Reverberation is another widely encountered distortion in realistic applications. To examine the effect of different levels of reverberation on the performance of these systems, a realistic reverberation condition was simulated by convolving the signal with a random Gaussian noise with exponential decay. The effect on the average spectro-temporal modulations of speech is shown in FIG. 17. Increasing the time delay results in gradual loss of high-rate temporal modulations of speech. FIGS. 13 and 14 demonstrate the effect of reverberation on the classification accuracy.

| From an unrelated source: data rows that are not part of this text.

Lemma norm2_mulmx_sqrD_ge (lam : R) (y z : 'cV[R]_p) :
  0 <= lam <= 1 -> (forall i, y i 0 * z i 0 = 0) ->
  n%:R * (aX X + bX X * muX X) * (norm2 y ^+ 2 + lam * norm2 z ^+ 2)
   - n%:R * bX X * muX X * (norm1 y ^+ 2 + 2%:R * (norm1 y * norm1 z) + lam * norm1 z ^+ 2)
    <= norm2 (X *m (y + z)) ^+ 2.
Proof.
move=> /andP[lam_ge0 lam_le1] yz0.
have Qy := norm2_mulmx_sqr_ge y.
have Qyz := inner_mulmx_ge yz0.
(* [|Xz|^2] dominates both [0] and its coherence lower bound. *)
have Qz : lam * (n%:R * (aX X + bX X * muX X) * norm2 z ^+ 2
                  - n%:R * bX X * muX X * norm1 z ^+ 2) <= norm2 (X *m z) ^+ 2.
  have [b_ge0|b_lt0] := lerP 0 (n%:R * (aX X + bX X * muX X) * norm2 z ^+ 2
                                  - n%:R * bX X * muX X * norm1 z ^+ 2).
    by apply: le_trans (norm2_mulmx_sqr_ge z); rewrite ler_piMl.
  by apply: le_trans (sqr_ge0 _); rewrite mulr_ge0_le0 // ltW.
rewrite mulmxDr norm2_sqrD; lra.
Qed.

Lemma norm2_mulmx_sqr_cone_ge (S : {set 'I_p}) (r : R) (h : 'cV[R]_p) :
  0 <= r ->
  2%:R * (1 + 2%:R * r) * bX X * muX X * #|S|%:R <= aX X + bX X * muX X ->
  norm1 (restrict_cV (~: S) h) <= r * norm1 (restrict_cV S h) ->
  n%:R * (aX X + bX X * muX X) * ((1 + 2%:R * r) / (r ^+ 2 + 4%:R * r + 2%:R))
    * norm2 h ^+ 2 <= norm2 (X *m h) ^+ 2.
Proof.
move=> r_ge0 coh cone.
set y := restrict_cV S h; set z := restrict_cV (~: S) h.
set u := norm1 y; set w := norm1 z; set c := 1 + 2%:R * r.
set lam := c / (r ^+ 2 + 4%:R * r + 2%:R).
set nA := n%:R * (aX X + bX X * muX X); set M := n%:R * bX X * muX X.
have den_gt0 : 0 < r ^+ 2 + 4%:R * r + 2%:R by have := sqr_ge0 r; lra.
have lam_ge0 : 0 <= lam by rewrite divr_ge0 // /c; lra.
have lam_le1 : lam <= 1 by rewrite ler_pdivrMr // mul1r /c; have := sqr_ge0 r; lra.
(* [lam] is chosen so that the cone constant [c + lam r^2] equals [2 c (1 - lam)]. *)
have lam_id : c + lam * r ^+ 2 = 2%:R * c * (1 - lam).
  by rewrite /lam /c; field; rewrite gt_eqF.
have u_ge0 : 0 <= u := norm1_ge0 y.
have w_ge0 : 0 <= w := norm1_ge0 z.
have uw : u * w <= r * u ^+ 2 by rewrite expr2 mulrCA ler_wpM2l.
have ww : w ^+ 2 <= r ^+ 2 * u ^+ 2 by rewrite -exprMn ler_sqr ?nnegrE ?mulr_ge0.
have uy : u ^+ 2 <= #|S|%:R * norm2 y ^+ 2.
  rewrite -[#|S|%:R]sqr_sqrtr // -exprMn ler_sqr ?nnegrE ?norm1_ge0 //.
    exact: norm1_restrict_cV_le.
  by rewrite mulr_ge0 ?sqrtr_ge0 ?norm2_ge0.
have M_ge0 : 0 <= M by rewrite !mulr_ge0 ?bX_ge0 ?muX_ge0.
have cMs : 2%:R * c * (M * #|S|%:R) <= nA.
  have -> : 2%:R * c * (M * #|S|%:R) =
      n%:R * (2%:R * c * bX X * muX X * #|S|%:R) by rewrite /M; ring.
  by rewrite ler_wpM2l ?ler0n.
have quad : M * (u ^+ 2 + 2%:R * (u * w) + lam * w ^+ 2) <= M * (2%:R * c * (1 - lam)) * u ^+ 2.
  rewrite -mulrA -lam_id ler_wpM2l //.
  by have := ler_wpM2l lam_ge0 ww; rewrite /c; lra.
have lam1_ge0 : 0 <= 1 - lam by rewrite subr_ge0.
have K_ge0 : 0 <= M * (2%:R * c * (1 - lam)).
  by rewrite mulr_ge0 // mulr_ge0 // mulr_ge0 ?ler0n // /c; lra.
have := ler_wpM2l K_ge0 uy.
have := ler_wpM2r (mulr_ge0 lam1_ge0 (sqr_ge0 (norm2 y))) cMs.
have lam01 : 0 <= lam <= 1 by rewrite lam_ge0 lam_le1.
have := norm2_mulmx_sqrD_ge lam01 (restrict_cV_setC_mul S h).
rewrite -restrict_cV_split (norm2_restrict_cV_sqr_split S h) -/y -/z -/u -/w -/nA -/M.
lra.
Qed.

The descriptions above are intended to illustrate possible implementations of the present invention and are not restrictive. Many variations, modifications and alternatives will become apparent to the skilled artisan upon review of this disclosure. For example, components equivalent to those shown and described may be substituted therefor, elements and methods individually described may be combined, and elements described as discrete may be distributed across many components. The scope of the invention should therefore be determined with reference to the appended claims, along with their full range of equivalents.

Claims

1. A method for discriminating sounds in an audio signal comprising the steps of:

forming an auditory spectrogram from the audio signal, said auditory spectrogram characterizing a physiological response to sound represented by the audio signal;
establishing a plurality of modulation-selective filters tuned to a range of frequency and temporal modulations of said auditory spectrogram;
filtering said auditory spectrogram into a plurality of multidimensional, time-varying cortical response signals, each of said cortical response signals indicative of the frequency modulations of said auditory spectrogram over a corresponding predetermined range of scales and of the temporal modulations of said auditory spectrogram over a corresponding predetermined range of rates;
decomposing said cortical response signals into orthogonal multidimensional component signals; said cortical response signals existing in a cubic representation of rate, scale, and frequency components prior to the step of decompositiom; said orthogonal multidimensional component signals including multiple scales of time and spectral resolution;
truncating said orthogonal multidimensional component signals; and
classifying said truncated component signals to discriminate therefrom a signal corresponding to a predetermined sound.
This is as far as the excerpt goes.